Data records —
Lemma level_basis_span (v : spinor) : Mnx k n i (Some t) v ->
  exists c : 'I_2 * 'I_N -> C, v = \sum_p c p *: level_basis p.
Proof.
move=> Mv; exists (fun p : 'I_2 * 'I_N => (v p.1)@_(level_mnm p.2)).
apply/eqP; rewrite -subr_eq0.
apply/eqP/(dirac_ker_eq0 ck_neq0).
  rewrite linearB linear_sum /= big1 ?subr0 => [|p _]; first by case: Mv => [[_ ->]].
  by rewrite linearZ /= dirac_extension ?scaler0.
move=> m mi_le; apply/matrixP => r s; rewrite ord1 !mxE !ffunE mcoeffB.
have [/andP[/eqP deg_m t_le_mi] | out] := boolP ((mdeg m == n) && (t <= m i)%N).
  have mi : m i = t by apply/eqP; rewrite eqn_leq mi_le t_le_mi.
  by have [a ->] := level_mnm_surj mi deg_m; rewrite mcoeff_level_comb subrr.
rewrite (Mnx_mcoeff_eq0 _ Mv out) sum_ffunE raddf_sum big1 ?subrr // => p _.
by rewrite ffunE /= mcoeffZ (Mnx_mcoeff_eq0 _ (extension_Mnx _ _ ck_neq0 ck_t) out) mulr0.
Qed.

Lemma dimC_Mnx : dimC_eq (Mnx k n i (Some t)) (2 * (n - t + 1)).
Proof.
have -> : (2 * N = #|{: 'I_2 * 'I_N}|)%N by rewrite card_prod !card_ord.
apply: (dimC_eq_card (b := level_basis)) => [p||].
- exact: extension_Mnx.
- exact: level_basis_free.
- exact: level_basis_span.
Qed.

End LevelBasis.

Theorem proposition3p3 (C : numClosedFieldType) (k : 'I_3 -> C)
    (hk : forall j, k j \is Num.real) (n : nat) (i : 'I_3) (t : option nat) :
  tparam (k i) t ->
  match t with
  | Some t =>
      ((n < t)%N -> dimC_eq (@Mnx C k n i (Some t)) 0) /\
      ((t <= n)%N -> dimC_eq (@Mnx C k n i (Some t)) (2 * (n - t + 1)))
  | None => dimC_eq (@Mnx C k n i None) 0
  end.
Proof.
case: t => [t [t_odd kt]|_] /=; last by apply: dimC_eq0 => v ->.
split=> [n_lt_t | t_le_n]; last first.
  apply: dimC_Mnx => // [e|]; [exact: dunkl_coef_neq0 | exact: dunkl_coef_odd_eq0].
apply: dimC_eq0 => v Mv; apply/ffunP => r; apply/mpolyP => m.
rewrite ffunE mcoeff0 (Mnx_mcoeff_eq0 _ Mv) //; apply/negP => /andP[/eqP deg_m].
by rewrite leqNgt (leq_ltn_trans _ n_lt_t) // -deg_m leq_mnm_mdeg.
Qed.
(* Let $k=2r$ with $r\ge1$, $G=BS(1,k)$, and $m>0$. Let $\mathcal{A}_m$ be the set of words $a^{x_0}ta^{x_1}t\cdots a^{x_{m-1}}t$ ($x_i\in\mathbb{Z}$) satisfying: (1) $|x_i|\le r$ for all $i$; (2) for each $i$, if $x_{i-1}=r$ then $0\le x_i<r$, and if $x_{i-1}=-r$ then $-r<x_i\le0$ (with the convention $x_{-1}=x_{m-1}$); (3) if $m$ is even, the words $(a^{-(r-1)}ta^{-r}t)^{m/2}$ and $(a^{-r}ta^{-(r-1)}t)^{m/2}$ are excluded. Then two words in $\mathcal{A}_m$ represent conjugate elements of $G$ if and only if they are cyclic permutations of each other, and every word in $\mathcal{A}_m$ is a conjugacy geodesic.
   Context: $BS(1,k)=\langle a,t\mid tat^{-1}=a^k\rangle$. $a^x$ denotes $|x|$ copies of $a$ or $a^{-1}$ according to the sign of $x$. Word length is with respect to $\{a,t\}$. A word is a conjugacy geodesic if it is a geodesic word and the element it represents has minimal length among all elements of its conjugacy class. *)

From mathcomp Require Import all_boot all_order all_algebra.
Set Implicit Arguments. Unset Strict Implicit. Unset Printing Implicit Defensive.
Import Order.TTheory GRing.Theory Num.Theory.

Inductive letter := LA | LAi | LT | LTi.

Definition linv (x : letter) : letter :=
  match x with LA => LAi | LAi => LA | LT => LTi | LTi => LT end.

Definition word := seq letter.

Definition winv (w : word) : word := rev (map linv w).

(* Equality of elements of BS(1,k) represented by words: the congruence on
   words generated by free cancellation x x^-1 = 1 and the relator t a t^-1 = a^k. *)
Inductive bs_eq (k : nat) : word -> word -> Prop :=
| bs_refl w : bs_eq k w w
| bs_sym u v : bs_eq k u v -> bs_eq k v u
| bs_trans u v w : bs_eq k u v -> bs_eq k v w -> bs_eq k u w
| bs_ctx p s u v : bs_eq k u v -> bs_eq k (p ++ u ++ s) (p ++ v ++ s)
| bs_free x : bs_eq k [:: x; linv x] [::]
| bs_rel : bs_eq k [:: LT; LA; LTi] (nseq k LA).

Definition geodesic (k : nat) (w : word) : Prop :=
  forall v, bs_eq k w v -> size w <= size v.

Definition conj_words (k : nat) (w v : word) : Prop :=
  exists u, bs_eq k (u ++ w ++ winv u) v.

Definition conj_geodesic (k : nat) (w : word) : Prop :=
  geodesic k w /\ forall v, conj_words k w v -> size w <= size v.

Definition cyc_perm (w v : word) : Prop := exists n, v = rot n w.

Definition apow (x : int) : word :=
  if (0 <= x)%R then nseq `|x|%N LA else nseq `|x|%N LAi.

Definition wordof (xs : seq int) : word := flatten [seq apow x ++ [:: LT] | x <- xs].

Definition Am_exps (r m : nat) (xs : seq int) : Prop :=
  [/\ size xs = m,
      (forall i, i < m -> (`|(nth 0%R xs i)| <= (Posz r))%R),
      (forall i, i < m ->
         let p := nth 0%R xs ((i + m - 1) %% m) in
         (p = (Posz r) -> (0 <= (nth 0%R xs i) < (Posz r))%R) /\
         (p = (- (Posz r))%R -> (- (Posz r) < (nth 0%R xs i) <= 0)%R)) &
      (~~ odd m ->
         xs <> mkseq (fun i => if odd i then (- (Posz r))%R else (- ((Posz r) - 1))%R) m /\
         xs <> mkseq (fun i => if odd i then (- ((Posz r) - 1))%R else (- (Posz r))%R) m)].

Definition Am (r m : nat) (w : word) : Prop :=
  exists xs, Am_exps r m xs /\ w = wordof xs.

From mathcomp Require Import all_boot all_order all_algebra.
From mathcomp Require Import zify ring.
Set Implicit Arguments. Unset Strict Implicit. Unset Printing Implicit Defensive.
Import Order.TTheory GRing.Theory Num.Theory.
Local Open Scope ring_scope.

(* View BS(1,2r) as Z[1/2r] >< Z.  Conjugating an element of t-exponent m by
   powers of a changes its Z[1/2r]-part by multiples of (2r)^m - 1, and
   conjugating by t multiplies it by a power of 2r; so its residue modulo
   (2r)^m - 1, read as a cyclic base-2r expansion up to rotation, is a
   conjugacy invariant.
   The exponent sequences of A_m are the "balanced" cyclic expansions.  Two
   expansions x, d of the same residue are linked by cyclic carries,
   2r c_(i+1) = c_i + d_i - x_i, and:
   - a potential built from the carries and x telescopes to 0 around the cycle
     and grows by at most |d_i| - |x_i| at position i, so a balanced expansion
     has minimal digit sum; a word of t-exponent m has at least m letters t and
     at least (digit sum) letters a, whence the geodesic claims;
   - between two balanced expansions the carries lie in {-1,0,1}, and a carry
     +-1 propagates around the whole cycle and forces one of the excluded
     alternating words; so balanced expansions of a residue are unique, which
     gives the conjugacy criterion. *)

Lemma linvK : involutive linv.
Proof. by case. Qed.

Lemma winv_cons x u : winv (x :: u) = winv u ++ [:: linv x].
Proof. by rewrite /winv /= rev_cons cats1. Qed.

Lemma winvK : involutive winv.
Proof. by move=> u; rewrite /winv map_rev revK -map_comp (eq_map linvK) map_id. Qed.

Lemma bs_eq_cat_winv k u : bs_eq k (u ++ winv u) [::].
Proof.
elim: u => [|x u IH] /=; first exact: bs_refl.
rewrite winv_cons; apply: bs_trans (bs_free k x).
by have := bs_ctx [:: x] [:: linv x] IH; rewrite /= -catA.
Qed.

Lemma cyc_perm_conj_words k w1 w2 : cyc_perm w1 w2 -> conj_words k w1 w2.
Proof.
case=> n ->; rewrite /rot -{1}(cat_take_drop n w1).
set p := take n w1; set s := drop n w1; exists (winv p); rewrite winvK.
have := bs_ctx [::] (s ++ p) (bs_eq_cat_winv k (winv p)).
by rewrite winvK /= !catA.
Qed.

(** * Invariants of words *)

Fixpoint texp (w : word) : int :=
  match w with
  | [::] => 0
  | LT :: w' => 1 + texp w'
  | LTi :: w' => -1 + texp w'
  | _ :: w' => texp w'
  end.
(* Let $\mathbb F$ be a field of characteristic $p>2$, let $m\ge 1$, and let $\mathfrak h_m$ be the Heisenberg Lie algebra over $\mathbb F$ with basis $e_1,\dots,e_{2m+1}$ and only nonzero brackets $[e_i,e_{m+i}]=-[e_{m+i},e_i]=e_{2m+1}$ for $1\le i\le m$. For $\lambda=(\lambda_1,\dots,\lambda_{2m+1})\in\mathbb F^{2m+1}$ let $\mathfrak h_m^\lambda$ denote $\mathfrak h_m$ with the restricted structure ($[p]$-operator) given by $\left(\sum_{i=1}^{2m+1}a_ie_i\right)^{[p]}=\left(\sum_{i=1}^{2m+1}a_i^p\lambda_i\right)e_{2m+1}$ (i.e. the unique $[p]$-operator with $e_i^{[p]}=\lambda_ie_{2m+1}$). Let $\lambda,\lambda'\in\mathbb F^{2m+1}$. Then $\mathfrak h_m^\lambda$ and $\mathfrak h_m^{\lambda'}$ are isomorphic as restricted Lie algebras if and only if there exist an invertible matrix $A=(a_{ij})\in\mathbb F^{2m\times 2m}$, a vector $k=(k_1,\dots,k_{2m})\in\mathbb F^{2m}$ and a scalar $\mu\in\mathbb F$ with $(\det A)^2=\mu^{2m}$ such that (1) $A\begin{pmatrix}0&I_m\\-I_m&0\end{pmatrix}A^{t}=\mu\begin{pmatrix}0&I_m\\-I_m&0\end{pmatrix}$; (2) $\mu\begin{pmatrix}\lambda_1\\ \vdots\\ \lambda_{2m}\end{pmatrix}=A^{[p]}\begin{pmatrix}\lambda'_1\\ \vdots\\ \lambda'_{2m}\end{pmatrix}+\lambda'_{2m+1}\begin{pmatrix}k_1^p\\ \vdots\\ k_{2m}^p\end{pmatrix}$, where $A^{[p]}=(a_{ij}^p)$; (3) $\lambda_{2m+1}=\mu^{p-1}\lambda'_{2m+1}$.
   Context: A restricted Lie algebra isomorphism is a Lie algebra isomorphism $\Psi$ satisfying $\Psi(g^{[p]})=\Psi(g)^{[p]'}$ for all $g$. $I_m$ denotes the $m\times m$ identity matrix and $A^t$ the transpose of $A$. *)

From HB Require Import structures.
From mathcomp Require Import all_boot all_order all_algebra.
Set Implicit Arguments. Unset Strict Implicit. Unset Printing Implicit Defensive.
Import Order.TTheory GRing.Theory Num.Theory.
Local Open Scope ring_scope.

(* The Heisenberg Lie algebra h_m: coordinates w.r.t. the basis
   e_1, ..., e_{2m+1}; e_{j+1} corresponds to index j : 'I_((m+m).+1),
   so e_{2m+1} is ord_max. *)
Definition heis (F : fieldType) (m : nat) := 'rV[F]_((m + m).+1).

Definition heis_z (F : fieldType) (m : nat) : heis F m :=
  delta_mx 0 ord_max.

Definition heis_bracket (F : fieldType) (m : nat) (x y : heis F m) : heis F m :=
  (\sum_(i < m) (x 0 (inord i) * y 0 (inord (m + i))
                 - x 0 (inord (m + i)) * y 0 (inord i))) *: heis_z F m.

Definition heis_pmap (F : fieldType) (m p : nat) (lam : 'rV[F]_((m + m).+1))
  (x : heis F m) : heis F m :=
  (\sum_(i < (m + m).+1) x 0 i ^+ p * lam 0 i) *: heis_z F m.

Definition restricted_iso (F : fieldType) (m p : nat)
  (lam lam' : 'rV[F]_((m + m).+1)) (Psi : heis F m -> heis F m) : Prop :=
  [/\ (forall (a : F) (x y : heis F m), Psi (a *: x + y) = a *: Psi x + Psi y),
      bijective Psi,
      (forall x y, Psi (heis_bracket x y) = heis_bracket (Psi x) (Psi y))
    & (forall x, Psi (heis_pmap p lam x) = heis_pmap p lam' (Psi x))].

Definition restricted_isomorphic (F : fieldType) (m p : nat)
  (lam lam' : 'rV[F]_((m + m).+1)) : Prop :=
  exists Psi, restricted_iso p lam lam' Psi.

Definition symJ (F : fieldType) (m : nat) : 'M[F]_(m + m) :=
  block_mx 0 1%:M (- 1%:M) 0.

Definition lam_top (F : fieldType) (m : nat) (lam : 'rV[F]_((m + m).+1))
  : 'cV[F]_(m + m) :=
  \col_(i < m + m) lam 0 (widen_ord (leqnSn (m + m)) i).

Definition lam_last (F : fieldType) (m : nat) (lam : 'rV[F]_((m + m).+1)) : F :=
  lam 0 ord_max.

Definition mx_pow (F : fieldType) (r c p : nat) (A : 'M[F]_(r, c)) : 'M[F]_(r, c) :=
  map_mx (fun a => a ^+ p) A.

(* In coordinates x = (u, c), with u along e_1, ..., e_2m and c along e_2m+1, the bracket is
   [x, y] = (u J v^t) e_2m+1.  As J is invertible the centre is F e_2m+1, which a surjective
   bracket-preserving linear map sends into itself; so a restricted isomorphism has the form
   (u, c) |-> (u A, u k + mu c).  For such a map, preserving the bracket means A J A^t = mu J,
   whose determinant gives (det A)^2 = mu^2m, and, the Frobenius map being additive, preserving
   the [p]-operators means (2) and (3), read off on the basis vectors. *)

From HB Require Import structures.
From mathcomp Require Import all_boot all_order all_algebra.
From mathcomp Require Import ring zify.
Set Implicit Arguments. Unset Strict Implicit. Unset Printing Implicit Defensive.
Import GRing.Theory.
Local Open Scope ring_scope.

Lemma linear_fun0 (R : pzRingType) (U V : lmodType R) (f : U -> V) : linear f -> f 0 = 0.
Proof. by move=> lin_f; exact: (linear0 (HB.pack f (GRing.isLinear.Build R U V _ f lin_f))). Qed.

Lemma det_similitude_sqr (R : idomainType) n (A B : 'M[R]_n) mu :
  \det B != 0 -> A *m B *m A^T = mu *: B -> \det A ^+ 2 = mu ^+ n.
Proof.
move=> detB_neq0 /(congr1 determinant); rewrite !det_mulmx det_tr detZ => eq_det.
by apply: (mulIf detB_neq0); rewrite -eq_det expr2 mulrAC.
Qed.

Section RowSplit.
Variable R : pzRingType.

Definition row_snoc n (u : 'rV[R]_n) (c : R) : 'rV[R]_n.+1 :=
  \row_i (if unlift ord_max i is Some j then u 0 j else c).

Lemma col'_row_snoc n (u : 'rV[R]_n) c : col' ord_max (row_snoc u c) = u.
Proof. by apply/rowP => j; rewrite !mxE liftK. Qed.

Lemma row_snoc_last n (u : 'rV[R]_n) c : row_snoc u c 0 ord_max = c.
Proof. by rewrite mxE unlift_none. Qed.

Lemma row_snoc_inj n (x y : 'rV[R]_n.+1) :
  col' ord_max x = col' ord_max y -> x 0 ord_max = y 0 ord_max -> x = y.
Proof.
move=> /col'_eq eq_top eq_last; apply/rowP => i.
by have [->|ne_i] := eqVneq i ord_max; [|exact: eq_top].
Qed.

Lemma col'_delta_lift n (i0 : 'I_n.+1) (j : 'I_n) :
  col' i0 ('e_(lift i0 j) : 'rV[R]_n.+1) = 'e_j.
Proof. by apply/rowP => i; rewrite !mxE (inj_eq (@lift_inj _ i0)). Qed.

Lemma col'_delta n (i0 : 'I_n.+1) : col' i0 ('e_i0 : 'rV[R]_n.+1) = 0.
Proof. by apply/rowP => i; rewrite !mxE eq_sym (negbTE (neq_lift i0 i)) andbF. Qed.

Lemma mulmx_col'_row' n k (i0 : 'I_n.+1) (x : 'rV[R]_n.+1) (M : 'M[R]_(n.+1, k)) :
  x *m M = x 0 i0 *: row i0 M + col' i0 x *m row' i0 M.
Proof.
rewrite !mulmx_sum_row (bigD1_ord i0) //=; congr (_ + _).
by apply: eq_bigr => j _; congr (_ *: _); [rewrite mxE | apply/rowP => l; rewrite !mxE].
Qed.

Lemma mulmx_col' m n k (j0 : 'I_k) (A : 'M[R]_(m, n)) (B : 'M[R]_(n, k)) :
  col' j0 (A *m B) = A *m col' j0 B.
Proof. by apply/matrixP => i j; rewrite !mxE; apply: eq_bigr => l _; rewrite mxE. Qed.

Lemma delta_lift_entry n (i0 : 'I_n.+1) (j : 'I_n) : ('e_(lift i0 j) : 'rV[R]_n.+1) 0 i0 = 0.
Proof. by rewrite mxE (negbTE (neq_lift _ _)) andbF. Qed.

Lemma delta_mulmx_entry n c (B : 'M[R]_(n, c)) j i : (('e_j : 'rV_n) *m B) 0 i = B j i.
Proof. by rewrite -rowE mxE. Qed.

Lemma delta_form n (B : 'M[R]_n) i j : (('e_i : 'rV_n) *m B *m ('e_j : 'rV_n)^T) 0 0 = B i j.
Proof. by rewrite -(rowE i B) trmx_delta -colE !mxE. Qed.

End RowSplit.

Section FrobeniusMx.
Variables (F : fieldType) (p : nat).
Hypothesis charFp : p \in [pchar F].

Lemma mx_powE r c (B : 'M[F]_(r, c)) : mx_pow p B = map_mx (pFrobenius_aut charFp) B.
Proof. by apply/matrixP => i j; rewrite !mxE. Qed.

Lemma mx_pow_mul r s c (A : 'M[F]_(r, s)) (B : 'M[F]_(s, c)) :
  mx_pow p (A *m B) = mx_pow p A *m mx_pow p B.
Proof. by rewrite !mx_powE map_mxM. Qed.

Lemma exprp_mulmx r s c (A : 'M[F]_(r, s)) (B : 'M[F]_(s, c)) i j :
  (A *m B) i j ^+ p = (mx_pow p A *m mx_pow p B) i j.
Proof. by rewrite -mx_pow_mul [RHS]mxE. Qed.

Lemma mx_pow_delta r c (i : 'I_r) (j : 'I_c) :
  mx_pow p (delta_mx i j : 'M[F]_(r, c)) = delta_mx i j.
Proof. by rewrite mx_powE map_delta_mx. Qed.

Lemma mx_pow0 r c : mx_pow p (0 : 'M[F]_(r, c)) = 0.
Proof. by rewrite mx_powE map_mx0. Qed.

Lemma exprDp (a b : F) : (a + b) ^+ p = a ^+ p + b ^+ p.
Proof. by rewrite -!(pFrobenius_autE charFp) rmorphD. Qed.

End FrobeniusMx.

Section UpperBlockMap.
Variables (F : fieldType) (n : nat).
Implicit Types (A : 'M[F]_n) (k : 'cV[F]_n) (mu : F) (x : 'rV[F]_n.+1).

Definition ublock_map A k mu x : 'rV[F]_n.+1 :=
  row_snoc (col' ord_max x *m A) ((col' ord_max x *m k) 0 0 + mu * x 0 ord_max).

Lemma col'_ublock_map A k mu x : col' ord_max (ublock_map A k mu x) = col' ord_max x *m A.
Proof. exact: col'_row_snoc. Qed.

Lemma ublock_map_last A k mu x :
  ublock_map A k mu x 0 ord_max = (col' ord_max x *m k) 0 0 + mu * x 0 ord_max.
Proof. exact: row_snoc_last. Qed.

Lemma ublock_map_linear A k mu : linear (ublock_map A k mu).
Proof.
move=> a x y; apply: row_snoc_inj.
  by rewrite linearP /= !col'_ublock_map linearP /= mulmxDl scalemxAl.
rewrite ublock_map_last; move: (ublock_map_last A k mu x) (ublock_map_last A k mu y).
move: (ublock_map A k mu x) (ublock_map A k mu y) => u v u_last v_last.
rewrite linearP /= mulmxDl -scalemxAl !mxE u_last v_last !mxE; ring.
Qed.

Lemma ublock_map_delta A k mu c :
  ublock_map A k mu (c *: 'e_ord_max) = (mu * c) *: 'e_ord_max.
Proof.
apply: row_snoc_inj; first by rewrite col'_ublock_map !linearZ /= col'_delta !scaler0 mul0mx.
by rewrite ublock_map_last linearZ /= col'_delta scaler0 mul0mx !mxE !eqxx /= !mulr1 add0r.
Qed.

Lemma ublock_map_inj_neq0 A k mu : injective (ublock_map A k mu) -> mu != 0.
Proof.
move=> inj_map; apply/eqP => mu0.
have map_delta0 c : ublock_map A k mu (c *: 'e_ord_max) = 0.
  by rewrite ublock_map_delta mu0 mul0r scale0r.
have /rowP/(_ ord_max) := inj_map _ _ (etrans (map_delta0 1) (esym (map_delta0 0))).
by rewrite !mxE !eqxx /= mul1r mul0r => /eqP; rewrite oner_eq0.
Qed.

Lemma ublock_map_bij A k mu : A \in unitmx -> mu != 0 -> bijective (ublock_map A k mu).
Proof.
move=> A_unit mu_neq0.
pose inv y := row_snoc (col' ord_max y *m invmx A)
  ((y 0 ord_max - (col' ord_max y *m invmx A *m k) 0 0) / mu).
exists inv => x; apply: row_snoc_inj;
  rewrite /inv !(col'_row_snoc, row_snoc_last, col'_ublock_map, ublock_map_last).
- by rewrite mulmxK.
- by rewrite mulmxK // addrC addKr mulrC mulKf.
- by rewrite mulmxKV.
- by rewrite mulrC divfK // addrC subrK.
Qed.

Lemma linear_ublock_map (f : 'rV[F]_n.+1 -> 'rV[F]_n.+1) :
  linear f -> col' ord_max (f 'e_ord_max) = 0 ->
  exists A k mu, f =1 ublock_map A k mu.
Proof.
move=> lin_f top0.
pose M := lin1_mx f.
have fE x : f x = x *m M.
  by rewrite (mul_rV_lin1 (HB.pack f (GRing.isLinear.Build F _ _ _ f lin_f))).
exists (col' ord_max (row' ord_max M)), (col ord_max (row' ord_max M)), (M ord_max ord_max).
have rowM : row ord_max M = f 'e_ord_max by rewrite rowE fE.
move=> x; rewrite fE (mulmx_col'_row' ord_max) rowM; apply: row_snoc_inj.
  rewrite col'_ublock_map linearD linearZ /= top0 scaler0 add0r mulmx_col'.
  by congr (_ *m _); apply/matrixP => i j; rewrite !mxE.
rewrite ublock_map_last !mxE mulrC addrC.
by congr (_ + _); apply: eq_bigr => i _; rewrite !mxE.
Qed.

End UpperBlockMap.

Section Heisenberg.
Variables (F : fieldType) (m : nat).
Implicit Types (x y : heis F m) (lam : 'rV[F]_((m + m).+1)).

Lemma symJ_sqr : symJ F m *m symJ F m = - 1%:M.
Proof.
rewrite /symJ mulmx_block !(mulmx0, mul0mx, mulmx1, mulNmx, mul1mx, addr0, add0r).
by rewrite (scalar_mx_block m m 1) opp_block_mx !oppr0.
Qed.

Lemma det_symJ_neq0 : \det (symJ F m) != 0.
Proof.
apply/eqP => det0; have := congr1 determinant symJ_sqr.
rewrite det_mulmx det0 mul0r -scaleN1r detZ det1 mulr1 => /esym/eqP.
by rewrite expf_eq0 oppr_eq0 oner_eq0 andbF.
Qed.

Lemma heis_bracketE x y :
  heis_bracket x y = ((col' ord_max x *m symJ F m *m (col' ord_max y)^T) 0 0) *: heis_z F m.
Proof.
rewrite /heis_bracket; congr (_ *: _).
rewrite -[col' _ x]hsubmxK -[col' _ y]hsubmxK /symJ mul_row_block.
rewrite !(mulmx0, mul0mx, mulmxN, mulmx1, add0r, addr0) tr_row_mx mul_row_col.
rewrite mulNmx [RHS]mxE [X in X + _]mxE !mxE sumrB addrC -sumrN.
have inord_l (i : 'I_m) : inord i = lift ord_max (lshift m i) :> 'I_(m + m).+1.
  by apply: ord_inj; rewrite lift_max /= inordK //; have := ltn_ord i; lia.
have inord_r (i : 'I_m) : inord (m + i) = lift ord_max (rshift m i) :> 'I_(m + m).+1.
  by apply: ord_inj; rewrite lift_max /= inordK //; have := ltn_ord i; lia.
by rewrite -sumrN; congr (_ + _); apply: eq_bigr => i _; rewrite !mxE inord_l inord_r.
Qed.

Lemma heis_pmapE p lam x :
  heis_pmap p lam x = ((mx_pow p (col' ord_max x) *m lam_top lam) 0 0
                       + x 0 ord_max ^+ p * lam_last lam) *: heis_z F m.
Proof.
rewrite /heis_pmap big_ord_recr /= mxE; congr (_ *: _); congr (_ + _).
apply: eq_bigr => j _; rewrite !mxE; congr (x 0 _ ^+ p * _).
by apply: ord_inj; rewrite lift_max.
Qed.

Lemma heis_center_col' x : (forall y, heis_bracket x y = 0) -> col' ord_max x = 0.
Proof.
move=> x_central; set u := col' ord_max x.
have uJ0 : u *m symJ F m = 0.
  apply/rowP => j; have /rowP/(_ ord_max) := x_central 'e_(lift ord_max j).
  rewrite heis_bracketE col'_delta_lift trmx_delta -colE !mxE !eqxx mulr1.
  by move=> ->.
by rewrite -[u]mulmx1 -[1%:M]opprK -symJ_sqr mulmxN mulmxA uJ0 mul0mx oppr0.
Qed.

Problem details — Go through the entries above and copy out every line that includes the word "conjugacy".

Solution to the problem —
(* Let $k=2r$ with $r\ge1$, $G=BS(1,k)$, and $m>0$. Let $\mathcal{A}_m$ be the set of words $a^{x_0}ta^{x_1}t\cdots a^{x_{m-1}}t$ ($x_i\in\mathbb{Z}$) satisfying: (1) $|x_i|\le r$ for all $i$; (2) for each $i$, if $x_{i-1}=r$ then $0\le x_i<r$, and if $x_{i-1}=-r$ then $-r<x_i\le0$ (with the convention $x_{-1}=x_{m-1}$); (3) if $m$ is even, the words $(a^{-(r-1)}ta^{-r}t)^{m/2}$ and $(a^{-r}ta^{-(r-1)}t)^{m/2}$ are excluded. Then two words in $\mathcal{A}_m$ represent conjugate elements of $G$ if and only if they are cyclic permutations of each other, and every word in $\mathcal{A}_m$ is a conjugacy geodesic.
   Context: $BS(1,k)=\langle a,t\mid tat^{-1}=a^k\rangle$. $a^x$ denotes $|x|$ copies of $a$ or $a^{-1}$ according to the sign of $x$. Word length is with respect to $\{a,t\}$. A word is a conjugacy geodesic if it is a geodesic word and the element it represents has minimal length among all elements of its conjugacy class. *)
   conjugacy invariant.
     gives the conjugacy criterion. *)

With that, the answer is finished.